▸ Assignment
For the data that follows, report how many lines contain the word "such", and nothing else.

[Saved entries]
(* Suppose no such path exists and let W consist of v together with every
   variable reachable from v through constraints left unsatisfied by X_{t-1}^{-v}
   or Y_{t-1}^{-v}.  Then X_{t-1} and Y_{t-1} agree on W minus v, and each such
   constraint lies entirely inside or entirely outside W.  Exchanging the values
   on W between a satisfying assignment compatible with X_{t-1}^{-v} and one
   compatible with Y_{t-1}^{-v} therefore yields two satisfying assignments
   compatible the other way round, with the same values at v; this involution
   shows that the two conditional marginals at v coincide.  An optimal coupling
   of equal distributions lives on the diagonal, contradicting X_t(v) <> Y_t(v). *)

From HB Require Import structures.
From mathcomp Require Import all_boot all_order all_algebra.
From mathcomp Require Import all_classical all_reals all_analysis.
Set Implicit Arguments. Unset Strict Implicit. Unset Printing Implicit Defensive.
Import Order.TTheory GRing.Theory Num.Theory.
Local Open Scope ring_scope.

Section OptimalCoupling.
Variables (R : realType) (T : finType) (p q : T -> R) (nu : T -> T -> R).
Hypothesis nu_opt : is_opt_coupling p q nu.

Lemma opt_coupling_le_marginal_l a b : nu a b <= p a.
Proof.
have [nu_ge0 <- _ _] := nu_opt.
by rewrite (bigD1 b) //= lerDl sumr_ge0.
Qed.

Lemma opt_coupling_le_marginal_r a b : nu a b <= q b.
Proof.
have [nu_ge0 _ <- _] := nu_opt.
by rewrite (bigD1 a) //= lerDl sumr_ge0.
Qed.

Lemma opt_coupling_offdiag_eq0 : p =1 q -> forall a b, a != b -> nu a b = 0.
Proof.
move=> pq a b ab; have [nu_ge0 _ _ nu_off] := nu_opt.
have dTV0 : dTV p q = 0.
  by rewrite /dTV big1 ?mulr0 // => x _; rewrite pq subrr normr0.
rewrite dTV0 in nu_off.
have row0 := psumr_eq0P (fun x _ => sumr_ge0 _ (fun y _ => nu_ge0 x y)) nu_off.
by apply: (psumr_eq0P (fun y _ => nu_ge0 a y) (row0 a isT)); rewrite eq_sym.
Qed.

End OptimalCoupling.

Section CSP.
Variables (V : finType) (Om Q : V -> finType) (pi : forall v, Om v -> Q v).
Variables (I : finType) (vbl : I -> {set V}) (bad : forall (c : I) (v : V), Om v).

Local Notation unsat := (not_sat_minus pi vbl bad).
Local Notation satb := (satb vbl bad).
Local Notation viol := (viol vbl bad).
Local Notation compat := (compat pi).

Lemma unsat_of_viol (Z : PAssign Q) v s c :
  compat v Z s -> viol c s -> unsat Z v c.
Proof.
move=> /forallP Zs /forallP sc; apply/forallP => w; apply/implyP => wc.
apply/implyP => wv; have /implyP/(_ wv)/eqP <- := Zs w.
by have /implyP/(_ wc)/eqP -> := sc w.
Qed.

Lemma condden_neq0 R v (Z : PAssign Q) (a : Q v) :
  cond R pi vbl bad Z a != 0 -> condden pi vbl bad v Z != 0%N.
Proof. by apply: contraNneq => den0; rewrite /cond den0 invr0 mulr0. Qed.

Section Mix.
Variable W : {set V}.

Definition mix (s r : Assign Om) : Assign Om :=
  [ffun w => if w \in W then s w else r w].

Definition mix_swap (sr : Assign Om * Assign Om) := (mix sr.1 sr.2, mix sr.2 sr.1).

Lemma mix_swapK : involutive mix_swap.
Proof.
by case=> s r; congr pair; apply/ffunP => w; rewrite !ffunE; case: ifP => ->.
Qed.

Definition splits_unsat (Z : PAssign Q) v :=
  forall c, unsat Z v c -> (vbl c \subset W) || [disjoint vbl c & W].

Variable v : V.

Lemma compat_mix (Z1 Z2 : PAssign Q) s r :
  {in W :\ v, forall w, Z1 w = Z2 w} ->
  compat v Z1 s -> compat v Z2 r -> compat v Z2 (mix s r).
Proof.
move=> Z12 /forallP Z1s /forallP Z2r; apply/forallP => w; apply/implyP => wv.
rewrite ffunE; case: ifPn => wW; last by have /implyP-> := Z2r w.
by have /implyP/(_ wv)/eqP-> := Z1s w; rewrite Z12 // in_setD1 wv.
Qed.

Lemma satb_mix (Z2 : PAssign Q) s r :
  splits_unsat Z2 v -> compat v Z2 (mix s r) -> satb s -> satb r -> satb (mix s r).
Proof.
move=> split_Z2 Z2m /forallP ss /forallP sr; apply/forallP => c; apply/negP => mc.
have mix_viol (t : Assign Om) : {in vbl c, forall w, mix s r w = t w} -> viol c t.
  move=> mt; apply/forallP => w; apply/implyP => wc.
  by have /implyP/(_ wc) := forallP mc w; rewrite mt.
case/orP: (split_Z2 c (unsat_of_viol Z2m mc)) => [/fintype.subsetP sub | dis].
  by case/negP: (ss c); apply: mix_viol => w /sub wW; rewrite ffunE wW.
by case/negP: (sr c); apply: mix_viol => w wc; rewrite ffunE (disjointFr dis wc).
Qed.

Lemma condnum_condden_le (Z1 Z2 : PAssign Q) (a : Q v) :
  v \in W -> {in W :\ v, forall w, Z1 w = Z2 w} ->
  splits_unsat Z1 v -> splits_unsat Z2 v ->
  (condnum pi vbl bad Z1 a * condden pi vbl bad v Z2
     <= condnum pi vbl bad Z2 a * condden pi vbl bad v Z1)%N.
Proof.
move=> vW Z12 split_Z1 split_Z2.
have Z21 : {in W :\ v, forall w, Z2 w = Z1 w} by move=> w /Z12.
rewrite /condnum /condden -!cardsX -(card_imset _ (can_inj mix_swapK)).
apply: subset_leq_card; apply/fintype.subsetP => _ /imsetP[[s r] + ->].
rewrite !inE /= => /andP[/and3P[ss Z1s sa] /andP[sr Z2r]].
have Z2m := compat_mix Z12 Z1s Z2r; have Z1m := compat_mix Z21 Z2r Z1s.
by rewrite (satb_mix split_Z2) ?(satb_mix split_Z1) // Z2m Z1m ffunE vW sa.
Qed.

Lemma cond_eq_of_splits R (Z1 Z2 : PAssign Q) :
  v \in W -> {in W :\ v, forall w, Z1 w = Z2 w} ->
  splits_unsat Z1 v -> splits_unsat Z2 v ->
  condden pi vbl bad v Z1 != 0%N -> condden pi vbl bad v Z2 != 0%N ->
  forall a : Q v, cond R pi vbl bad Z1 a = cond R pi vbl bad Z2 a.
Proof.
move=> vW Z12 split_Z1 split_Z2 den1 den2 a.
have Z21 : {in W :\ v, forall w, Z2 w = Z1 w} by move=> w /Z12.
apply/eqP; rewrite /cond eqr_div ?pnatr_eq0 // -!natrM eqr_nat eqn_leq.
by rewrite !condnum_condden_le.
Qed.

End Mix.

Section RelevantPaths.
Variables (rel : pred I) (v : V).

▸ Reply
2